BEGIN

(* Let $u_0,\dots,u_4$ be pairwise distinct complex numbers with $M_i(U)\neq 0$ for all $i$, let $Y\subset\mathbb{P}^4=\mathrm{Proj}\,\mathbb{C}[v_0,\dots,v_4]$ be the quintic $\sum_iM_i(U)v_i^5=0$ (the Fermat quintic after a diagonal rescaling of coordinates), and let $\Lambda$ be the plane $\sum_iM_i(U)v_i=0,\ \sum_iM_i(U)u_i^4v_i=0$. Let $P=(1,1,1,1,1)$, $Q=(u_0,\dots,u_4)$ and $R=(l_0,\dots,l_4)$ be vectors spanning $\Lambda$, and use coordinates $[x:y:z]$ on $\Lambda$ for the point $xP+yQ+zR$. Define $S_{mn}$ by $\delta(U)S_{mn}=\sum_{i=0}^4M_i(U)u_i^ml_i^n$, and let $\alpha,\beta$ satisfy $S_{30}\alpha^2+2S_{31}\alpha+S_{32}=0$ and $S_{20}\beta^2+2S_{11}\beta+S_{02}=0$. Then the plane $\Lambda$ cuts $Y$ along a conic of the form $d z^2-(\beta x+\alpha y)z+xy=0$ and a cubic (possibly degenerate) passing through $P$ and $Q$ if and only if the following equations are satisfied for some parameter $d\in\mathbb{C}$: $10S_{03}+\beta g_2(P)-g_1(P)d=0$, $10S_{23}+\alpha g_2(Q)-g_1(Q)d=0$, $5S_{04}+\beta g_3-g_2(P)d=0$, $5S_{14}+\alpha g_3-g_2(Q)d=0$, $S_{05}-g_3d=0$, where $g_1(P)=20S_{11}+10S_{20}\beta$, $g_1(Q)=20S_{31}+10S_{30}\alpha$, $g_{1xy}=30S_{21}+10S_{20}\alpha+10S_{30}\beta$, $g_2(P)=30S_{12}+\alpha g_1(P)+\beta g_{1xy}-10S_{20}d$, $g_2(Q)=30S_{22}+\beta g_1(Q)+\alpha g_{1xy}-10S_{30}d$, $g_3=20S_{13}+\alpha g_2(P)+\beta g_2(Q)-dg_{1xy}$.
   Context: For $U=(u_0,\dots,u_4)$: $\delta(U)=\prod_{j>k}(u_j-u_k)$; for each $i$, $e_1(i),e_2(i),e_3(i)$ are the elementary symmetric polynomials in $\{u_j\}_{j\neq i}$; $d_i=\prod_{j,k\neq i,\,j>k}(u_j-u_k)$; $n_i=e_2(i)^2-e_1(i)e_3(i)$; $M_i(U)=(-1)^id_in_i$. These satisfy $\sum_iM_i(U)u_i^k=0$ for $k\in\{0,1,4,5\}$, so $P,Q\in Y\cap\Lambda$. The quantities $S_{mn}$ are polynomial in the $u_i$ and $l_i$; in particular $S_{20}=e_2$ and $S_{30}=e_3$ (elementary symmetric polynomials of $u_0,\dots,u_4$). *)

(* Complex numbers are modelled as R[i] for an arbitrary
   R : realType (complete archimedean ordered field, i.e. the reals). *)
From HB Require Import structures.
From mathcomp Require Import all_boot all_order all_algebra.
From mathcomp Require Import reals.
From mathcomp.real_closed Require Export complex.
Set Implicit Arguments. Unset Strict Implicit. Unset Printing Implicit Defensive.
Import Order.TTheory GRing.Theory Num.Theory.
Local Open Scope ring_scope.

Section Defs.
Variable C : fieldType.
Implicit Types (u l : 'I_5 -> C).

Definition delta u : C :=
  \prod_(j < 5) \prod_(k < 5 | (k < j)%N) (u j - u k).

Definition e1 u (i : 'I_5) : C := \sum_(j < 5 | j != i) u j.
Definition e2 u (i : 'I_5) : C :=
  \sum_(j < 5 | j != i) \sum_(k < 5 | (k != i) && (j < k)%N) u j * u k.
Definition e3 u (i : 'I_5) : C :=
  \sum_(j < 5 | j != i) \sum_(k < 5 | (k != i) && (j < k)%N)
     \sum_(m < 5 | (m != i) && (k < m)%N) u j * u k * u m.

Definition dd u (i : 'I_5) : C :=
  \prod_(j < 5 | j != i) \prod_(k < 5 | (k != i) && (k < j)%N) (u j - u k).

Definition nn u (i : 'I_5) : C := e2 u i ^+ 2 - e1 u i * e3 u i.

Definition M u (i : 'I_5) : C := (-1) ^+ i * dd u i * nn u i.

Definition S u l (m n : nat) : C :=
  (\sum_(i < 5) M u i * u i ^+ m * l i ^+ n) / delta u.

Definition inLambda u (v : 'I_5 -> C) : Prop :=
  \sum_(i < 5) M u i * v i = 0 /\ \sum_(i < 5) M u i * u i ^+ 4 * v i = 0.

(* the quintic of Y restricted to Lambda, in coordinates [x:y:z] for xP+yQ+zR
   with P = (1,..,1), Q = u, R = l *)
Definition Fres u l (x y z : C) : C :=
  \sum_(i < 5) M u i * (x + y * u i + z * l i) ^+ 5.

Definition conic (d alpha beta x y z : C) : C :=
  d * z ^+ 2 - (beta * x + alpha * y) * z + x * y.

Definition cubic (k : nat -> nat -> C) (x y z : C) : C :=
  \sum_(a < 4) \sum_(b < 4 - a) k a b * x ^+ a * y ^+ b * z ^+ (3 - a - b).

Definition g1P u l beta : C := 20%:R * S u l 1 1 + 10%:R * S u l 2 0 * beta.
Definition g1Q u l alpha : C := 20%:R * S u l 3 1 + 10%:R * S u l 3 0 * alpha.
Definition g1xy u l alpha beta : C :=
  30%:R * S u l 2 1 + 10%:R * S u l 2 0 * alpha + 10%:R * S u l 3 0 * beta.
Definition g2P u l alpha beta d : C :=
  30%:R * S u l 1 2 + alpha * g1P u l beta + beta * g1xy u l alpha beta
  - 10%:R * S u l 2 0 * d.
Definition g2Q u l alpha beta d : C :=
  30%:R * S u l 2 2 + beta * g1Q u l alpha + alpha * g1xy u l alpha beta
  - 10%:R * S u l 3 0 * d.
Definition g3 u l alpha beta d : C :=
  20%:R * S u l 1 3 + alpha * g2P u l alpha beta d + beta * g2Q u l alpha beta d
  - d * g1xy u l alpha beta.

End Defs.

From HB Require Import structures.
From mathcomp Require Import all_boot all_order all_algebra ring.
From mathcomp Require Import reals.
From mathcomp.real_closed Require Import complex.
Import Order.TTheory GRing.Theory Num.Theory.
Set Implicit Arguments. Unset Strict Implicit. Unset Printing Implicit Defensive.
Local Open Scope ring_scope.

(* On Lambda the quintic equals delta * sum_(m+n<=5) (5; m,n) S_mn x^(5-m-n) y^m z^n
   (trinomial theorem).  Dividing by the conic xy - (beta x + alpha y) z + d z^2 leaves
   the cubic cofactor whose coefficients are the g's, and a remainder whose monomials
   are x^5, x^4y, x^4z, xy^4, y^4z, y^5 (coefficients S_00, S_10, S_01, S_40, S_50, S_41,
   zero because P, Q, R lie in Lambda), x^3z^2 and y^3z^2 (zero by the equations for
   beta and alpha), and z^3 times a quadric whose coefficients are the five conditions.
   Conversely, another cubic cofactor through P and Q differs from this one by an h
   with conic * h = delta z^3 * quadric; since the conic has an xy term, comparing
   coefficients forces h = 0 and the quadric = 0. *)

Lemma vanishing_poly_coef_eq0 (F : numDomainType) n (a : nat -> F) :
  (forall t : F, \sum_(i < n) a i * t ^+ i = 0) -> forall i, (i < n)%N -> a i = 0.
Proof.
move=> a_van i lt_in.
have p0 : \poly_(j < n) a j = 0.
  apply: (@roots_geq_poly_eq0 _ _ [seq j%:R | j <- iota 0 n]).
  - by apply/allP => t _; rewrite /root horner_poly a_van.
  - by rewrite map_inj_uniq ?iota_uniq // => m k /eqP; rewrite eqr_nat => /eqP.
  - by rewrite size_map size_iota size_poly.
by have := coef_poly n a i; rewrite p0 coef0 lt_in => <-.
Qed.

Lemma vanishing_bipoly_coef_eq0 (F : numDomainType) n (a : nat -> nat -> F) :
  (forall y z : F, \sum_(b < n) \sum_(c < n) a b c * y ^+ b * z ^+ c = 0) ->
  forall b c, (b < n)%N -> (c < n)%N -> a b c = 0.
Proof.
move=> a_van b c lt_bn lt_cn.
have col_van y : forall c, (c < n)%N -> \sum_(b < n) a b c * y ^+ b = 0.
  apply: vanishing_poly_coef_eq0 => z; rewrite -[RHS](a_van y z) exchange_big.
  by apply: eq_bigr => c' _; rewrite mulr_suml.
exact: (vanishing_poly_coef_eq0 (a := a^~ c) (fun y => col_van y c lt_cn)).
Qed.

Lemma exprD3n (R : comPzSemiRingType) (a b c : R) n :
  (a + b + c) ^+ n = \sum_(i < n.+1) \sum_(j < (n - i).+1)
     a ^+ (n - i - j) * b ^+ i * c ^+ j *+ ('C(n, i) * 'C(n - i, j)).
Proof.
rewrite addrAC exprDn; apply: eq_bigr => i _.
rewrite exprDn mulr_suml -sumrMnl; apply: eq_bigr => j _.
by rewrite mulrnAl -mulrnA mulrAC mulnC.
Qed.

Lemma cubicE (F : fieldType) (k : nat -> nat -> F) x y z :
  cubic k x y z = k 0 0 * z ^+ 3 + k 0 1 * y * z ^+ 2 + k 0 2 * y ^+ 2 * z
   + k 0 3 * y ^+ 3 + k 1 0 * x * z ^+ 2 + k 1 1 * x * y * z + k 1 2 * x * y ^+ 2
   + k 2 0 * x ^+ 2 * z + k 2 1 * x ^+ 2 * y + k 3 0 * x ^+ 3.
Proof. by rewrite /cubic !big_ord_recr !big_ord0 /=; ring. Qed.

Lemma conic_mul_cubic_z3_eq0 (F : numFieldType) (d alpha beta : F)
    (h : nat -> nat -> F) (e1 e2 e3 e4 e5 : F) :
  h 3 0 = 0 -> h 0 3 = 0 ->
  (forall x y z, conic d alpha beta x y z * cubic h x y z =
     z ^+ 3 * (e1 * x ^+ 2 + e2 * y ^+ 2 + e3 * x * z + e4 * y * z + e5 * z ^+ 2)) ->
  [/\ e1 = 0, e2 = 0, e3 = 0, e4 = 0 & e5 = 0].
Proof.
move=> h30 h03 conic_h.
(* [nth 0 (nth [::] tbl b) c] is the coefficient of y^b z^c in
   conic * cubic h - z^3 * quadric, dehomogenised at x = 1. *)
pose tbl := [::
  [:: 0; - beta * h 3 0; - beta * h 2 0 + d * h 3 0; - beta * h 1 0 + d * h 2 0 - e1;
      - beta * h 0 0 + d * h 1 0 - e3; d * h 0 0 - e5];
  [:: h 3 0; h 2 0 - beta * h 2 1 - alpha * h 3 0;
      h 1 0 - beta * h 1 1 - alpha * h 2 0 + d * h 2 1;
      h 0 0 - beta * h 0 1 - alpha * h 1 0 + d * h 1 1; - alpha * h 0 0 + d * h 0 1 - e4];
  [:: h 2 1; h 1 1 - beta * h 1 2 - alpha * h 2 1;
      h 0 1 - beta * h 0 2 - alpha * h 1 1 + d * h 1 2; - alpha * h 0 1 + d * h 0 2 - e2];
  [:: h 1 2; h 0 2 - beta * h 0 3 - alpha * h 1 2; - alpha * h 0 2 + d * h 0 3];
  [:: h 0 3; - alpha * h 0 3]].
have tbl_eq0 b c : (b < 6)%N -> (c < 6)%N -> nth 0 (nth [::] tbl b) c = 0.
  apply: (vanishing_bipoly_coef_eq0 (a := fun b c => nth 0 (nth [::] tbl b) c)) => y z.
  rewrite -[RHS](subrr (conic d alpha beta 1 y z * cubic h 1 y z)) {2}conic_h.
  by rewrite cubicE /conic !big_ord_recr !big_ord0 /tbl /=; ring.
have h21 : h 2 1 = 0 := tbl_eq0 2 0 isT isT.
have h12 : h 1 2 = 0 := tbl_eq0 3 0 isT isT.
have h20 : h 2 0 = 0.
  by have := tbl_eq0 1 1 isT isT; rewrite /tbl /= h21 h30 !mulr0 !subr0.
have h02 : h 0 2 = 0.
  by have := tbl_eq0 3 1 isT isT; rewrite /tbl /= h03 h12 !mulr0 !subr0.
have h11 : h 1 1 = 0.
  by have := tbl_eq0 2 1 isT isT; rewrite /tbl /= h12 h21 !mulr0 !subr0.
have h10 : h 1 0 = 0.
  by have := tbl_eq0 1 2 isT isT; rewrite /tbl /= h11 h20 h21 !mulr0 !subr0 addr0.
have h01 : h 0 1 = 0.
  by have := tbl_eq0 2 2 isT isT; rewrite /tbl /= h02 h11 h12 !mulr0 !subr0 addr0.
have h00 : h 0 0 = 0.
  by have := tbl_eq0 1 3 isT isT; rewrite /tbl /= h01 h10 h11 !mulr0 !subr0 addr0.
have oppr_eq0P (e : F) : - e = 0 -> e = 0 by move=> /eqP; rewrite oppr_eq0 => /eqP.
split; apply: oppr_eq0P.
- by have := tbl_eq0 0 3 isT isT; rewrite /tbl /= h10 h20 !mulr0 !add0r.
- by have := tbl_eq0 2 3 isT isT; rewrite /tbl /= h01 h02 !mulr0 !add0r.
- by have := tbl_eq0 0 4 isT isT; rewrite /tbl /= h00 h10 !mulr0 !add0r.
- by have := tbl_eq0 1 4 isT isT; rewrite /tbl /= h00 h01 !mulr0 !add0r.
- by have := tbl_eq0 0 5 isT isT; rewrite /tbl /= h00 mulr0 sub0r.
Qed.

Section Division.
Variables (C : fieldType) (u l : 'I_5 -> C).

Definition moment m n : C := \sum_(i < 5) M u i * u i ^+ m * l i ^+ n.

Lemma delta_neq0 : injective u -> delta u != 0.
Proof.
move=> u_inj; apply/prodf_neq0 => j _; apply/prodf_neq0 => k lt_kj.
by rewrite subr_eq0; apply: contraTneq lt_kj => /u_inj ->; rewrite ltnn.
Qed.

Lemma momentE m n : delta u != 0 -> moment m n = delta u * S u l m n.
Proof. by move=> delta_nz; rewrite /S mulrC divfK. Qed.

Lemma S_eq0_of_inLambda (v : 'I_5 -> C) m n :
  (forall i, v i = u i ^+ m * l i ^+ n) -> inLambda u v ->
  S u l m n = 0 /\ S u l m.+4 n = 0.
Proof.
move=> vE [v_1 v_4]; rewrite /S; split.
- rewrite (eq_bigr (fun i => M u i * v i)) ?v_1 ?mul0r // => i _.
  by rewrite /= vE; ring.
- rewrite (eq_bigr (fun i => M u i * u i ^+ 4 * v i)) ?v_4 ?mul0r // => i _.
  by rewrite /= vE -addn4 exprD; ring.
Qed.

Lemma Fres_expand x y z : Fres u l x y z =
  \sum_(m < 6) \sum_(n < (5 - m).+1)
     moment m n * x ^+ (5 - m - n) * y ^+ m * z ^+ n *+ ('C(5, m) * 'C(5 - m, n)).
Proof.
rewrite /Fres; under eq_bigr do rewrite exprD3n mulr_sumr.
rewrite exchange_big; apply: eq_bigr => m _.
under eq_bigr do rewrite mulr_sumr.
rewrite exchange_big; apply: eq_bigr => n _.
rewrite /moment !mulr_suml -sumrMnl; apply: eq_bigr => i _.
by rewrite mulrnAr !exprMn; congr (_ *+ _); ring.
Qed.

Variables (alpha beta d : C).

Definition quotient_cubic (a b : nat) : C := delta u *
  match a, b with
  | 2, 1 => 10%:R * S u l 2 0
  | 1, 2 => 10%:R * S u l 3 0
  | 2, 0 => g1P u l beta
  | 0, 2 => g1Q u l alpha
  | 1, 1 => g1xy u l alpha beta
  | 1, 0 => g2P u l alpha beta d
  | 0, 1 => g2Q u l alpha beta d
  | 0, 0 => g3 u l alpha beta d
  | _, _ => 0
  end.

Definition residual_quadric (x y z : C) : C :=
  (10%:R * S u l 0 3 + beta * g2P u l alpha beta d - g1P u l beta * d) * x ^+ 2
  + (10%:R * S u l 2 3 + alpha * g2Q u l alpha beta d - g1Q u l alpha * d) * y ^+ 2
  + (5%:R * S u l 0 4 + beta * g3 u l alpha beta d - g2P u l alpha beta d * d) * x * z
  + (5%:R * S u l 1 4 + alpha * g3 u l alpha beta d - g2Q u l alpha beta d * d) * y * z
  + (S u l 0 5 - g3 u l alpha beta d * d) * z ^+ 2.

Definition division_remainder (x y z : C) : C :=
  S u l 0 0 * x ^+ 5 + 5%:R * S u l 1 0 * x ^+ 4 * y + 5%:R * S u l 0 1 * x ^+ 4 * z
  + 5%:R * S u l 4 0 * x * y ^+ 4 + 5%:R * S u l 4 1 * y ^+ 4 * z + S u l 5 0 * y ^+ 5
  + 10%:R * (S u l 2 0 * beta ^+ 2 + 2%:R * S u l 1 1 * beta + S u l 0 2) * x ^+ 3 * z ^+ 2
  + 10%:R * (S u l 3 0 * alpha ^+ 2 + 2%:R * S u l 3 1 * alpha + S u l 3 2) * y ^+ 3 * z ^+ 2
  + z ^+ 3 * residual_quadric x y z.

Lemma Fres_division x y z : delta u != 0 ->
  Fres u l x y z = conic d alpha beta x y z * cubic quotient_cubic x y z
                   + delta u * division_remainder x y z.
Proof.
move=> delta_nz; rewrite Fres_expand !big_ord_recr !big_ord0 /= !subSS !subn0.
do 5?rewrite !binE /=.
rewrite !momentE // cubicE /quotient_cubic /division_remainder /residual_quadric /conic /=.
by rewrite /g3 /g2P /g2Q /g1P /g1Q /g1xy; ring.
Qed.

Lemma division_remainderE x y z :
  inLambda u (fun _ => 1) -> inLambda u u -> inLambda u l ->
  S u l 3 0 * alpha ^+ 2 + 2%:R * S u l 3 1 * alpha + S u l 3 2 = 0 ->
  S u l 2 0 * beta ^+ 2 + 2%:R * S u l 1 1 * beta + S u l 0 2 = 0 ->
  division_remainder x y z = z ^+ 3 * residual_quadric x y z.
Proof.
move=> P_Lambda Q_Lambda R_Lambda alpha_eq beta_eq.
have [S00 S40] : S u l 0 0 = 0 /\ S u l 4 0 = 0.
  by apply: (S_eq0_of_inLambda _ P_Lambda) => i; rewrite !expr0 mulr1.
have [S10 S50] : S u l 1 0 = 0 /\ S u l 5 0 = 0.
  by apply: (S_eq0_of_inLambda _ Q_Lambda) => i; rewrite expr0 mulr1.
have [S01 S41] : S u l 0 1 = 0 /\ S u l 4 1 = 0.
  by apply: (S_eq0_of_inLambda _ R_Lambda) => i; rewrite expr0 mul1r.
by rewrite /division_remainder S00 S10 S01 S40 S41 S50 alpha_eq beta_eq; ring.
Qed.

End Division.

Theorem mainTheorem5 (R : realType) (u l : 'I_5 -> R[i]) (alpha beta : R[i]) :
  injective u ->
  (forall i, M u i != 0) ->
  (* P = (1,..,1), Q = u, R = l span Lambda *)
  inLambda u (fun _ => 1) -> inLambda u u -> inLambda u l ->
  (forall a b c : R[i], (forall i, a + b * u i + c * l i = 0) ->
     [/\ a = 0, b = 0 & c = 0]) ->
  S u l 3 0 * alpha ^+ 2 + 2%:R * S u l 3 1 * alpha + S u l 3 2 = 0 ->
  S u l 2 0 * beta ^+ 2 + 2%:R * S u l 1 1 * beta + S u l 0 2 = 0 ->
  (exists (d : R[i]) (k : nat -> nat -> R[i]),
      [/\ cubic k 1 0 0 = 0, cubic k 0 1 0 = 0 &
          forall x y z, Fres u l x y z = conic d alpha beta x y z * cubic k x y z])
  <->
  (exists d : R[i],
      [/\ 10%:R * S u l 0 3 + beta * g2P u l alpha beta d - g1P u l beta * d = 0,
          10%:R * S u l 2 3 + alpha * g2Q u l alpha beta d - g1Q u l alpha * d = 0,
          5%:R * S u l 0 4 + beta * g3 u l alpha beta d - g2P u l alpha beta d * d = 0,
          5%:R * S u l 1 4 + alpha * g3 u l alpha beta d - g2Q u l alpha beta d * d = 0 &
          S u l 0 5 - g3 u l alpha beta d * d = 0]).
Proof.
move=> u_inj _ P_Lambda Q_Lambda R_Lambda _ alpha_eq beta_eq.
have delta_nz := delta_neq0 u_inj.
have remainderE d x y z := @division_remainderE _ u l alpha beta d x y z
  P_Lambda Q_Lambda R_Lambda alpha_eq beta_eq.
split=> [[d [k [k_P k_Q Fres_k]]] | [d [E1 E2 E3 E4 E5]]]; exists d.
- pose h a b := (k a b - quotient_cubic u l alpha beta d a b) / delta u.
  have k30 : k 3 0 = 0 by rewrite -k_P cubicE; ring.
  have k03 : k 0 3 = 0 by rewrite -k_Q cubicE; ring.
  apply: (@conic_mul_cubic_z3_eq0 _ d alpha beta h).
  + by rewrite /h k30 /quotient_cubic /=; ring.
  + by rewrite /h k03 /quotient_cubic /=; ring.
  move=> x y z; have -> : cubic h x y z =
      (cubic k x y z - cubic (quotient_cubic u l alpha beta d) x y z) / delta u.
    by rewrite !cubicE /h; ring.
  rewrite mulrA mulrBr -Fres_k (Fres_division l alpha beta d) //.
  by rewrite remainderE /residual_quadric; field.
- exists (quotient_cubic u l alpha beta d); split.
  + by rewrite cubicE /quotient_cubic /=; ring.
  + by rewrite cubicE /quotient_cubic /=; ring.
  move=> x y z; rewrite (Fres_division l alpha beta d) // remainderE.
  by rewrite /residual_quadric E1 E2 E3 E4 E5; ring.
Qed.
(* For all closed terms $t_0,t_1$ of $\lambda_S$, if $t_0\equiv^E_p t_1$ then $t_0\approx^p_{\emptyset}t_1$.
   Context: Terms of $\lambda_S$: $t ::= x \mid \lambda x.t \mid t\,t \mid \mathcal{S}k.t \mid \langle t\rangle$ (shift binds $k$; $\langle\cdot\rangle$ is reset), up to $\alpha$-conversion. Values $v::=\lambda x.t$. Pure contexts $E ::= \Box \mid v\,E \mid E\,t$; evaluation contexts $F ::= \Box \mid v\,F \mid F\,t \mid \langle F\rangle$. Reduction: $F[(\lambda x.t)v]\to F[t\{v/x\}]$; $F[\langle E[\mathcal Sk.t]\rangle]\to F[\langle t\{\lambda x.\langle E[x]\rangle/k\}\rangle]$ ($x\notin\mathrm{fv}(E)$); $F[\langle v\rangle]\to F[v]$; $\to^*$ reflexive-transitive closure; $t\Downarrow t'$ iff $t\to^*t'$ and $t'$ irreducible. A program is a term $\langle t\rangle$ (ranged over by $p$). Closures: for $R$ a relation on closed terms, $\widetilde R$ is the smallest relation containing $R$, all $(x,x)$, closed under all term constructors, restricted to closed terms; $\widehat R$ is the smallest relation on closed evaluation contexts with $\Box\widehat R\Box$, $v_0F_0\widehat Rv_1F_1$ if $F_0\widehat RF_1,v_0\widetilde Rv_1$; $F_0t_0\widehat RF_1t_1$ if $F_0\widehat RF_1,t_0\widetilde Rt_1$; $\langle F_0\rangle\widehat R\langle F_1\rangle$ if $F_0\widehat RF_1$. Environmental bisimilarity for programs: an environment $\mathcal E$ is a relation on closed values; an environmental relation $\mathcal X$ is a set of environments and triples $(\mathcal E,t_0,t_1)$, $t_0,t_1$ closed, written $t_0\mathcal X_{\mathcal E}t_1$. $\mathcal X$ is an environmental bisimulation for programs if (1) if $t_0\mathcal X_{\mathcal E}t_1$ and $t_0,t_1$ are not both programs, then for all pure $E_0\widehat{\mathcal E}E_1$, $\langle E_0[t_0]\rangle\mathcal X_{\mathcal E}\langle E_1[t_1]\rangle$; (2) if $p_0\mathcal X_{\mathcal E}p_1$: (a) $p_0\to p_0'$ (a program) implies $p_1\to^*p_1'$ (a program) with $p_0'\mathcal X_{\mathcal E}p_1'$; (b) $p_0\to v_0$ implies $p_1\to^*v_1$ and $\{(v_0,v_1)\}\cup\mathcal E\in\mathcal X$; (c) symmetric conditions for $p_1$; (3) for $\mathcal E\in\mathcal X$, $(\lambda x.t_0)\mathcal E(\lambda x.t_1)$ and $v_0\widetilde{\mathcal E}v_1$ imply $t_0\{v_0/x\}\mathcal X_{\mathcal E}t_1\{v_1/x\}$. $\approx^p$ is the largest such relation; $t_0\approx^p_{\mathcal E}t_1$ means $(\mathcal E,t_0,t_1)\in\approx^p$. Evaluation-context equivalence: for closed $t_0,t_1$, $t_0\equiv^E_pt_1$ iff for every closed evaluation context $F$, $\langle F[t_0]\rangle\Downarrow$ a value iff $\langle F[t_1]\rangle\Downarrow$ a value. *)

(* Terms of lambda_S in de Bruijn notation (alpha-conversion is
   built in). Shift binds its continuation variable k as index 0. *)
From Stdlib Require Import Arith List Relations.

END

_WHAT TO WORK ON_
Would you please copy each line of the listing that contains the word "Import"?

_TASK RESULT_
From HB Require Import structures.
From mathcomp Require Import all_boot all_order all_algebra.
From mathcomp Require Import reals.
Import Order.TTheory GRing.Theory Num.Theory.
From HB Require Import structures.
From mathcomp Require Import all_boot all_order all_algebra ring.
From mathcomp Require Import reals.
From mathcomp.real_closed Require Import complex.
Import Order.TTheory GRing.Theory Num.Theory.
From Stdlib Require Import Arith List Relations.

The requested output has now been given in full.